-
Notifications
You must be signed in to change notification settings - Fork 867
Description
Hi, I have several interesting observations while using DLRM.
- The following code (line 223 - 225) to randomize data doesn't seem to work:
Lines 214 to 225 in fbc37eb
| # create reordering | |
| indices = np.arange(len(y)) | |
| if split == "none": | |
| # randomize all data | |
| if randomize == "total": | |
| indices = np.random.permutation(indices) | |
| print("Randomized indices...") | |
| X_int[indices] = X_int | |
| X_cat[indices] = X_cat | |
| y[indices] = y |
Maybe here the code should be like:
self.X_int = X_int[indices]
self.X_cat = X_cat[indices]
self.y = y[indices]But fortunately, this code seems never triggered in the current version.
- I got warnings when running the following code (torch=1.10.1, numpy=1.21.5):
UserWarning: Creating a tensor from a list of numpy.ndarrays is extremely slow.

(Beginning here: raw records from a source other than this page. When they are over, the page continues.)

Definition cintegral (R : realType) (X : choiceType)
    (mu : {measure set (AutM X) -> \bar R}) (D : set (AutM X))
    (F : AutM X -> R[i]) : R[i] :=
  Rintegral mu D (fun u => complex.Re (F u)) +i*
  Rintegral mu D (fun u => complex.Im (F u)).

Definition haar_normalized (R : realType) (X : choiceType)
    (adj : X -> X -> Prop) (q : nat) (o : X) (wp : nat -> X)
    (mu : {measure set (AutM X) -> \bar R}) : Prop :=
  (forall g : X -> X, Bw adj wp g ->
     forall A : set (AutM X), measurable A -> A `<=` Bw adj wp ->
       mu [set (g \o (u : X -> X)) | u in A] = mu A) /\
  (forall x : X,
     mu [set u : AutM X | Bw adj wp u /\ u x = x] =
     ((q%:R : R) ^ horo adj o x wp)%:E).

Definition expo (R : realType) (s' : R[i]) : R[i] :=
  (2^-1 : R)%:C - 'i * s'^*.

(* I_{s',n}(F)(g) = \int_{B_{w+,n}} F(g u M) q^{<uo, w->(1/2 - i conj s')} du,
   for F a function on G/M, i.e. on automorphisms (right M-invariant). *)
Definition Isn (R : realType) (X : choiceType) (adj : X -> X -> Prop)
    (mu : {measure set (AutM X) -> \bar R}) (q : nat) (o : X)
    (wm wp : nat -> X) (s' : R[i]) (n : nat)
    (F : (X -> X) -> R[i]) (g : X -> X) : R[i] :=
  cintegral mu (Bwn adj o wp n) (fun u : AutM X =>
    F (g \o (u : X -> X)) *
    cpow (q%:R : R) (((horo adj o (u o) wm)%:~R : R)%:C * expo s')).

Definition onGM (R : realType) (X : choiceType) (o : X) (wp : nat -> X)
    (f : X -> (nat -> X) -> R[i]) (g : X -> X) : R[i] :=
  f (g o) (g \o wp).

From HB Require Import structures.
From mathcomp Require Import all_boot all_algebra.
From mathcomp Require Import all_classical all_reals all_analysis.
From mathcomp Require Import complex.
From mathcomp Require Import lebesgue_measure measurable_realfun zify.
From mathcomp Require finmap.

(* Write B_n for B_{w+,n} and S_n for the points x of the horosphere H_{w+}(o)
   with d(x, o) <= 2n.  An element u of B_n fixes w+ and x_n, hence the whole
   ray [x_n, w+).  So the ray from u o to w+ joins [o, w+) at some x_a with
   a <= n: u o lies on H_{w+}(o) at distance 2a from o, and as o lies on
   ]w-, w+[ the path from u o to o goes on along [o, w-), which gives
   <u o, w-> = - d(u o, o).  Hence the integrand is constant on each fibre
   {u in B_n | u o = x}, x in S_n.  A nonempty fibre is a left translate of
   B_{w+} /\ Stab(o), so it has measure 1; the fibres partition B_n, which has
   measure q^n, and S_n has at most q^n points (ends of non-backtracking walks
   of length n from x_n that do not start towards x_{n+1}).  Therefore every
   fibre has measure 1 and the integral is the sum over S_n. *)

Set Implicit Arguments.
Unset Strict Implicit.
Unset Printing Implicit Defensive.

Import GRing.Theory Num.Theory.
Local Open Scope complex_scope.

Lemma size_flatten_map_le (T U : Type) (F : T -> seq U) (s : seq T) K :
  (forall x, size (F x) <= K)%N -> (size (flatten (map F s)) <= size s * K)%N.
Proof. by move=> hF; elim: s => //= x s IH; rewrite size_cat mulSn leq_add. Qed.

Lemma complex_sumE (R : rcfType) (I : Type) (s : seq I) (c : I -> R[i]) :
  (\sum_(i <- s) c i = (\sum_(i <- s) complex.Re (c i)) +i* (\sum_(i <- s) complex.Im (c i)))%R.
Proof. by elim: s => [|i s IH]; rewrite ?big_nil // !big_cons IH; case: (c i). Qed.

Lemma cpow0 (R : realType) (b : R) : cpow b 0%R = 1%R.
Proof. by rewrite /cpow /= !mul0r expR0 cos0 sin0 mulr1 mulr0. Qed.

Lemma zero_one_sum_all_one (R : realType) (I : eqType) (s : seq I) (m : I -> \bar R) K :
  (forall i, m i = 0%E \/ m i = 1%E) -> (\sum_(i <- s) m i)%E = (K%:R)%:E ->
  (size s <= K)%N -> forall i, i \in s -> m i = 1%E.
Proof.
move=> m01 hsum hsize.
pose b i := `[< m i = 1%E >].
have mb j : m j = ((b j : nat)%:R)%:E.
  by rewrite /b; case: asboolP => [->//|h]; case: (m01 j) => e; [rewrite e | exfalso; apply: h].
have bE j : b j -> m j = 1%E by move/asboolP.
clearbody b.
have hcount : count b s = K.
  move: hsum; rewrite (eq_bigr _ (fun j _ => mb j)) sumEFin -natr_sum.
  by move=> [/(mulrIn (oner_neq0 R)) <-]; rewrite -sumn_count sumnE big_map.
have : all b s by rewrite all_count hcount eqn_leq hsize -[X in (X <= _)%N]hcount count_size.
by move=> /allP hall i /hall /bE.
Qed.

Please consider converting the list to a single numpy.ndarray with numpy.array() before converting to a tensor. (Triggered internally at ../torch/csrc/utils/tensor_new.cpp:201.)
Lines 328 to 333 in 9c2fda7
| def collate_wrapper_criteo_offset(list_of_tuples): | |
| # where each tuple is (X_int, X_cat, y) | |
| transposed_data = list(zip(*list_of_tuples)) | |
| X_int = torch.log(torch.tensor(transposed_data[0], dtype=torch.float) + 1) | |
| X_cat = torch.tensor(transposed_data[1], dtype=torch.long) | |
| T = torch.tensor(transposed_data[2], dtype=torch.float32).view(-1, 1) |
Lines 399 to 404 in 9c2fda7
| def collate_wrapper_criteo_length(list_of_tuples): | |
| # where each tuple is (X_int, X_cat, y) | |
| transposed_data = list(zip(*list_of_tuples)) | |
| X_int = torch.log(torch.tensor(transposed_data[0], dtype=torch.float) + 1) | |
| X_cat = torch.tensor(transposed_data[1], dtype=torch.long) | |
| T = torch.tensor(transposed_data[2], dtype=torch.float32).view(-1, 1) |
This might be a bug of PyTorch, see pytorch/pytorch#13918, and I followed the instruction to modify the code as:
X_int = torch.log(torch.tensor(np.array(transposed_data[0]), dtype=torch.float) + 1)
X_cat = torch.tensor(np.array(transposed_data[1]), dtype=torch.long)
T = torch.tensor(np.array(transposed_data[2]), dtype=torch.float32).view(-1, 1)This modification speeds up the training process about 100%, from ~30 ms/it to ~15 ms/it on my machine (12x CPUs, 1x GTX 1060). I guess this is because the collect function is frequently called during training. Anyway, I hope this can be useful for others to train DLRM.
- This is just a small optimization. It seems
X_int, X_cat, T, indicesare all numpy.ndarray here:
Lines 247 to 259 in 9c2fda7
| # create training, validation, and test sets | |
| if split == 'train': | |
| self.X_int = [X_int[i] for i in train_indices] | |
| self.X_cat = [X_cat[i] for i in train_indices] | |
| self.y = [y[i] for i in train_indices] | |
| elif split == 'val': | |
| self.X_int = [X_int[i] for i in val_indices] | |
| self.X_cat = [X_cat[i] for i in val_indices] | |
| self.y = [y[i] for i in val_indices] | |
| elif split == 'test': | |
| self.X_int = [X_int[i] for i in test_indices] | |
| self.X_cat = [X_cat[i] for i in test_indices] | |
| self.y = [y[i] for i in test_indices] |
So, if I rewrite the above code to:
# create training, validation, and test sets
if split == 'train':
self.X_int = X_int[train_indices]
self.X_cat = X_cat[train_indices]
self.y = y[train_indices]
elif split == 'val':
self.X_int = X_int[val_indices]
self.X_cat = X_cat[val_indices]
self.y = y[val_indices]
elif split == 'test':
self.X_int = X_int[test_indices]
self.X_cat = X_cat[test_indices]
self.y = y[test_indices]This can reduce ~15 s when creating the Kaggle dataset on my machine.